하둡, 스파크 코인 데이터 수집하기(1)

세용용용용 2023. 8. 9. 17:43

우분투에서 시간을 먼저 변경해준다( 데이터 수집 시간 데이터를 수집하기 위해)

1. 현재 시간과 날짜 표시

timedatectl >>> 역시나 서울로 안되있음 서울로 바꿔줘야됨

2. sudo timedatectl set-timezone "Asia/Seoul" >>> 서울로 바꿔주자

3. 변경후 timedatectl로 바뀌었는지 확인해주며됨

데이터 수집 py파일을 만들어준다

vim first_coin.py

from pyspark.sql import SparkSession
from pyspark.sql.functions import current_timestamp, year, month, dayofmonth, hour, minute
import requests

# 스파크 세션 생성
spark = SparkSession.builder \
    .master("yarn") \
    .appName("Bithumb API to CSV") \
    .getOrCreate()

# API URL
api_url = "https://api.bithumb.com/public/ticker/ALL_"

# API 데이터 요청 및 JSON 데이터 추출
response = requests.get(api_url)
data = response.json()

# data 필드에서 코인 정보 추출
coin_data = data.get("data")

# "date" 필드 제외
coin_data.pop("date", None)

# 코인 정보를 RDD로 변환
coin_rdd = spark.sparkContext.parallelize(coin_data.items())

# RDD를 DataFrame으로 변환
coin_df = coin_rdd.toDF(["Coin", "Info"])
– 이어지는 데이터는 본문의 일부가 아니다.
Lemma root_window_ipval c K : root_window c K -> ipval c K.
Proof.
move=> [lbK winK]; have rm : line_root c (K - q%:Z + 1) by apply: winK; lia.
exists (K - q%:Z + 1); split; first by split=> // k /lbK; lia.
- by apply: winK; lia.
- lia.
- lia.
- by move=> k _; lia.
Qed.

Lemma W_addS be a s : W h be a -> inS h s -> W h be (a + s).
Proof.
move=> [Sa bea] Ss; split=> [|i]; first exact: inSD.
by rewrite linD; apply: le_trans (bea i) _; rewrite lerDl.
Qed.

Lemma W_line be a k : compatible h dv be -> W h be a -> inS h (a + k *: ev) ->
  W h be (a + k *: ev).
Proof.
move=> cbe [_ bea] Sk; split=> // i.
by case: (cbe i) => [-> // | /lin_ev_eq0 ev_i]; rewrite linD linZ ev_i mulr0 addr0.
Qed.

(* Between a and vpt(a) the line cannot leave S: the exit root would lie below
   the least root. *)
Lemma inS_vpt a P : inS h a -> ipval a P -> 0 <= P -> inS h (a + P *: ev).
Proof.
move=> Sa [m [[_ minm] _ _ Pm _]] P0; apply: NNPP => SP.
have Sa0 : inS h (a + 0 *: ev) by rewrite scale0r addr0.
have [k /andP[_ kP] [Sk Sk1]] := exit_exists P0 Sa0 SP.
by have := minm _ (line_root_exit Sk Sk1); lia.
Qed.

Lemma W_vpt be a P : compatible h dv be -> W h be a -> ipval a P ->
  W h be (a + P *: ev).
Proof.
move=> cbe Wa aP; have [P0 | P0] := lerP 0 P.
  by apply: W_line => //; apply: inS_vpt => //; case: Wa.
have -> : a + P *: ev = a + (- P) *: (- ev) by rewrite scaleNr scalerN opprK.
by apply: W_addS => //; apply: inSZ; [lia | exact: inS_Nev].
Qed.

Lemma Vmon'_vpt a P : ipval a P -> Vmon' f dv (a + P *: ev).
Proof. by move=> aP; apply/Vmon'P; have := ipval_shift P aP; rewrite subrr. Qed.

Section GoodFamily.
Variable B : ('I_n -> nat) -> Prop.
Hypothesis goodB : good_family h f dv ev q B.

Definition gensI a := Vmon' f dv a /\ WB h B a.
Definition expI a := WB h B a /\ exists2 P, ipval a P & 0 <= P.

Lemma WB_ipval a : WB h B a -> exists P, ipval a P.
Proof.
have [_ _ valB _ _] := goodB; move=> WBa.
have [M lbM] := (val_gt_ninfP a).1 (valB _ WBa).
by have [be [_ [Sa _]]] := WBa; apply: ipval_exists Sa lbM.
Qed.

Lemma WB_vpt a P : WB h B a -> ipval a P -> WB h B (a + P *: ev).
Proof.
have [_ compB _ _ _] := goodB.
by move=> [be [Bbe Wa]] aP; exists be; split=> //; apply: W_vpt (compB _ Bbe) Wa aP.
Qed.

(* Condition (2) at vpt(b) fills the window below it with roots. *)
Lemma WB_root_window b P : WB h B b -> ipval b P -> root_window b P.
Proof.
move=> WBb bP; have [_ _ _ windowB _] := goodB.
have Vc := Vmon'_vpt bP; have [m [[_ minm] _ _ mq _]] := (Vmon'P _).1 Vc.
split=> [k rk | k /andP[lo hi]].
  have : line_root (b + P *: ev) (k - P) by rewrite line_rootD addrC subrK.
  by move/minm; lia.
have Pk : (`|P - k| < q)%N by rewrite -ltz_nat gez0_abs; lia.
have := windowB _ Vc (WB_vpt WBb bP) _ Pk; rewrite gez0_abs; last by lia.
by have -> : b + P *: ev - (P - k) *: ev = b + k *: ev by vec_ring.
Qed.

(* If a lies above a generator g but pval(a) < 0, then vpt(a) - g is in S - e,
   against condition (3). *)
Lemma genE_expI a : genE h gensI a <-> expI a.
Proof.
split=> [[g [[Vg [be [Bbe Wg]]] Sag]] | [WBa [P aP P0]]].
  have WBa : WB h B a by exists be; split=> //; rewrite -(subrK g a) addrC; apply: W_addS.
  split=> //; have [P aP] := WB_ipval WBa; exists P => //.
  rewrite leNgt; apply/negP => P0; have [_ _ _ _ sepB] := goodB.
  apply: (sepB _ g (Vmon'_vpt aP) (WB_vpt WBa aP) Vg); first by exists be.
  exists ((a - g) + (- (P + 1)) *: (- ev)); split; last by vec_ring.
  by apply: inSD => //; apply: inSZ; [lia | exact: inS_Nev].
exists (a + P *: ev); split; first by split; [exact: Vmon'_vpt | exact: WB_vpt].
have -> : a - (a + P *: ev) = P *: (- ev) by vec_ring.
by apply: inSZ => //; exact: inS_Nev.
Qed.

Lemma expI_shift a : expI a -> evalZ f a != 0 -> expI (a + dv).
Proof.
move=> [WBa [P aP P0]] fa; have [_ winP] := WB_root_window WBa aP.
have qP : q%:Z <= P.
  rewrite leNgt; apply/negP => Pq; move/eqP: fa; apply.
  by have := winP 0; rewrite /line_root scale0r addr0; apply; lia.
have [_ compB _ _ _] := goodB; have [be [Bbe Wa]] := WBa; have [Sa _] := Wa.
rewrite dvE; split; last by exists (P - q%:Z); [exact: ipval_shift | lia].
exists be; split=> //; apply: W_line (compB _ Bbe) Wa _.
by apply: (inS_line_le (k := P)) => //; exact: inS_vpt.
Qed.
Theorem whisker_not_full_rank : ~ mult_full_rank I L 1%N (n - 1)%N.
Proof.
case=> [inj|surj].
  exact/kernel_form_notin/inj/lin_form_exp_kernel/kernel_form_homog.
have all_v_homog : ('X_[all_v] : {mpoly K[n + n]}) \is (1 + (n - 1))%N.-homog.
  rewrite dhomogX /= mdeg_of_set card_imset ?cardsT ?card_ord; last exact: lshift_inj.
  by have := n_gt1; lia.
by have [h [_ /coker_form_notin]] := surj _ all_v_homog.
Qed.

End WhiskerNotSLP.

Lemma bipartite_indep_pair (n : nat) (e : rel 'I_n) :
  simple_graph e -> bipartite e -> (3 <= n)%N ->
  exists a b : 'I_n, a != b /\ independent e [set a; b].
Proof.
move=> [_ e_irr] [col col_e] n_ge3.
have indep x y : col x = col y -> independent e [set x; y].
  move=> cxy u u'; rewrite !inE => /orP [] /eqP -> /orP [] /eqP ->; rewrite ?e_irr //;
  by apply/negP => /col_e; rewrite cxy eqxx.
pose i0 := Ordinal (leq_trans (isT : 0 < 3)%N n_ge3).
pose i1 := Ordinal (leq_trans (isT : 1 < 3)%N n_ge3).
pose i2 := Ordinal (leq_trans (isT : 2 < 3)%N n_ge3).
have [c01|c01] := eqVneq (col i0) (col i1); first by exists i0, i1; split; last exact: indep.
have [c02|c02] := eqVneq (col i0) (col i2); first by exists i0, i2; split; last exact: indep.
exists i1, i2; split => //; apply: indep.
by move: c01 c02; case: (col i0) (col i1) (col i2) => [] [] [].
Qed.

Unset Implicit Arguments.
Set Strict Implicit.
Theorem corollary5p13 (K : fieldType) (n : nat) (e : rel 'I_n)
  (K_infinite : forall s : seq K, exists x : K, x \notin s)
  (K_char0 : [pchar K] =i pred0)
  (G_simple : simple_graph e) (G_bip : bipartite e) (n_ge5 : (5 <= n)%N) :
  @is_level K (n + n) (in_ideal (A_gens (@cover_complex K (n + n) (whisker e))))
  /\ ~ @has_SLP K (n + n) (in_ideal (A_gens (@cover_complex K (n + n) (whisker e)))).
Proof.
split; first exact: whisker_level.
have [a [b [ab indep_ab]]] := bipartite_indep_pair G_simple G_bip (ltnW (ltnW n_ge5)).
apply: (not_SLP_of_nonzero_coefs K_infinite) => c c_nz.
by exists 1%N, (n - 1)%N; exact (whisker_not_full_rank ab indep_ab c_nz).
Qed.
# Info 필드를 JSON 형태의 컬럼들로 분리
for field in ["opening_price", "closing_price", "min_price", "max_price", "units_traded",
              "acc_trade_value", "prev_closing_price", "units_traded_24H", "acc_trade_value_24H"]:
    coin_df = coin_df.withColumn(field, coin_df["Info"][field])

# 불필요한 컬럼 제거
coin_df = coin_df.drop("Info", "fluctuate_24H", "fluctuate_rate_24H")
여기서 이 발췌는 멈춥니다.